Stored data
============================================================

Definition Hyp2 n m (U : X n m -> Prop)
  (f : vec n -> vec m -> vec n) (g : vec n -> vec m -> vec m)
  (Daf : X n m -> mat n n) (Dzf : X n m -> mat n m)
  (Dag : X n m -> mat m n) (Dzg : X n m -> mat m m)
  (alpha ell : X n m -> R) (c1 : R) : Prop :=
  C1_with_derivs U f g Daf Dzf Dag Dzg /\
  cont_on U alpha /\ cont_on U ell /\ 0 < c1 /\
  (forall x, U x -> 0 < alpha x /\ 0 <= ell x) /\
  (forall x, U x -> forall a' : vec n,
      dot a' (mapp (Daf x) a') >= alpha x * (vnorm a')^2) /\
  (forall x, U x -> forall z' : vec m,
      dot z' (mapp (Dzg x) z') <= ell x * (vnorm z')^2) /\
  (forall x, U x ->
      alpha x >= ell x + opnorm (Dzf x) + opnorm (Dag x) + c1).

Definition is_forward_flow n m (Gamma : X n m -> Prop)
  (f : vec n -> vec m -> vec n) (g : vec n -> vec m -> vec m)
  (Phi : R -> X n m -> X n m) : Prop :=
  forall x, Gamma x ->
    Phi 0 x = x /\
    (forall eps, 0 < eps -> exists delta, 0 < delta /\
        forall s, 0 <= s < delta -> xnorm (xsub (Phi s x) x) < eps) /\
    (forall t, 0 < t ->
       (forall i, derivable_pt_lim (fun s => (Phi s x).1 i) t
                    (f (Phi t x).1 (Phi t x).2 i)) /\
       (forall j, derivable_pt_lim (fun s => (Phi s x).2 j) t
                    (g (Phi t x).1 (Phi t x).2 j))).

Definition Hyp3 n m (U Gamma : X n m -> Prop)
  (f : vec n -> vec m -> vec n) (g : vec n -> vec m -> vec m)
  (Phi : R -> X n m -> X n m) : Prop :=
  (forall x, Gamma x -> U x) /\
  is_forward_flow Gamma f g Phi /\
  (forall x, Gamma x -> forall t, 0 <= t -> Gamma (Phi t x)) /\
  (forall z : vec m, (exists x, U x /\ Pi_perp x = z) <->
                     (exists x, Gamma x /\ Pi_perp x = z)).

Definition is_linear_map n m (A : X n m -> X n m) : Prop :=
  (forall u v, A (xadd u v) = xadd (A u) (A v)) /\
  (forall c u, A (xscale c u) = xscale c (A u)).

(* Q(t,x) (t >= 0, x in Gamma) is the fundamental matrix solution of
   d/dt Q = DF(Phi(t,x)) Q, Q(0) = I: for t >= 0, Q(t,x) is linear, Q(0,x) = id,
   and for every initial vector v, t |-> Q(t,x) v is right-continuous at 0 and
   solves the variational equation on (0, +oo). *)
Definition is_fundamental_matrix n m (Gamma : X n m -> Prop)
  (Daf : X n m -> mat n n) (Dzf : X n m -> mat n m)
  (Dag : X n m -> mat m n) (Dzg : X n m -> mat m m)
  (Phi : R -> X n m -> X n m) (Q : R -> X n m -> X n m -> X n m) : Prop :=
  forall x, Gamma x ->
    (forall t, 0 <= t -> is_linear_map (Q t x)) /\
    (forall v, Q 0 x v = v) /\
    (forall v,
       (forall eps, 0 < eps -> exists delta, 0 < delta /\
          forall s, 0 <= s < delta -> xnorm (xsub (Q s x v) v) < eps) /\
       (forall t, 0 < t ->
          (forall i, derivable_pt_lim (fun s => (Q s x v).1 i) t
                       ((DFapp Daf Dzf Dag Dzg (Phi t x) (Q t x v)).1 i)) /\
          (forall j, derivable_pt_lim (fun s => (Q s x v).2 j) t
                       ((DFapp Daf Dzf Dag Dzg (Phi t x) (Q t x v)).2 j)))).

Definition Tset n m (Q : R -> X n m -> X n m -> X n m) (x : X n m) : X n m -> Prop :=
  fun v => forall t, 0 <= t -> Lfun (Q t x v) (xzero n m) <= 0.

Definition is_subspace n m (S : X n m -> Prop) : Prop :=
  S (xzero n m) /\
  (forall u v, S u -> S v -> S (xadd u v)) /\
  (forall c u, S u -> S (xscale c u)).

(* Write gap(a, z) = |a|^2 - |z|^2, so that T(x) is the set of initial vectors
   whose variational solution never enters the open cone gap > 0.  Closure
   under scaling and 0 follow from linearity of Q(t,x) and gap(c y) = c^2 gap(y).
   For the sum w = u + v of u, v in T(x):
   - the cone gap > 0 is forward invariant, because Hypothesis 2 makes the
     derivative of gap positive inside it ([cone_invariant]);
   - inside the cone |a_w|^2 grows at relative rate >= 2(l + |D_a g| + c1),
     outside it |z_u|^2 and |z_v|^2 grow at relative rate <= 2(l + |D_a g|)
     ([EnergyEstimates]); a real-variable comparison ([growth_beats_domination])
     shows |a_w|^2 eventually exceeds 2(|z_u|^2 + |z_v|^2), which is impossible
     since |a_u + a_v|^2 <= 2|a_u|^2 + 2|a_v|^2 <= 2(|z_u|^2 + |z_v|^2).
   This handles t > 0 ([sum_stays_outside]); t = 0 follows by right-continuity
   ([gap_nonpos_at_start]). *)
From Pilot Require Import Defs.
From HB Require Import structures.
From Stdlib Require Import Reals Lra Psatz Classical ClassicalEpsilon FunctionalExtensionality.
From mathcomp Require Import ssreflect ssrfun ssrbool eqtype ssrnat fintype seq bigop.

Set Implicit Arguments.
Unset Strict Implicit.
Local Open Scope R_scope.

(* Real addition is a commutative monoid law distributed over by multiplication,
   so the generic bigop lemmas (big_split, big_distrr, bigD1, ...) apply to the
   sums \big[Rplus/0] used in Defs. *)
HB.instance Definition _ :=
  Monoid.isComLaw.Build R 0 Rplus (fun x y z => esym (Rplus_assoc x y z)) Rplus_comm Rplus_0_l.
HB.instance Definition _ := Monoid.isMulLaw.Build R 0 Rmult Rmult_0_l Rmult_0_r.
HB.instance Definition _ :=
  Monoid.isAddLaw.Build R Rmult Rplus Rmult_plus_distr_r Rmult_plus_distr_l.

Lemma sum_le (I : Type) (r : seq I) (F G : I -> R) :
  (forall i, F i <= G i) -> \big[Rplus/0]_(i <- r) F i <= \big[Rplus/0]_(i <- r) G i.
Proof. by move=> FG; apply: (big_ind2 Rle) => //; [lra | move=> *; lra]. Qed.

Lemma sum_ge0 (I : Type) (r : seq I) (P : pred I) (F : I -> R) :
  (forall i, P i -> 0 <= F i) -> 0 <= \big[Rplus/0]_(i <- r | P i) F i.
Proof. by move=> F0; apply: (big_ind (Rle 0)) => //; [lra | move=> *; lra]. Qed.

============================================================

Where does "rate" appear in the records above? Copy every line that has it.

Response area
   - inside the cone |a_w|^2 grows at relative rate >= 2(l + |D_a g| + c1),
     outside it |z_u|^2 and |z_v|^2 grow at relative rate <= 2(l + |D_a g|)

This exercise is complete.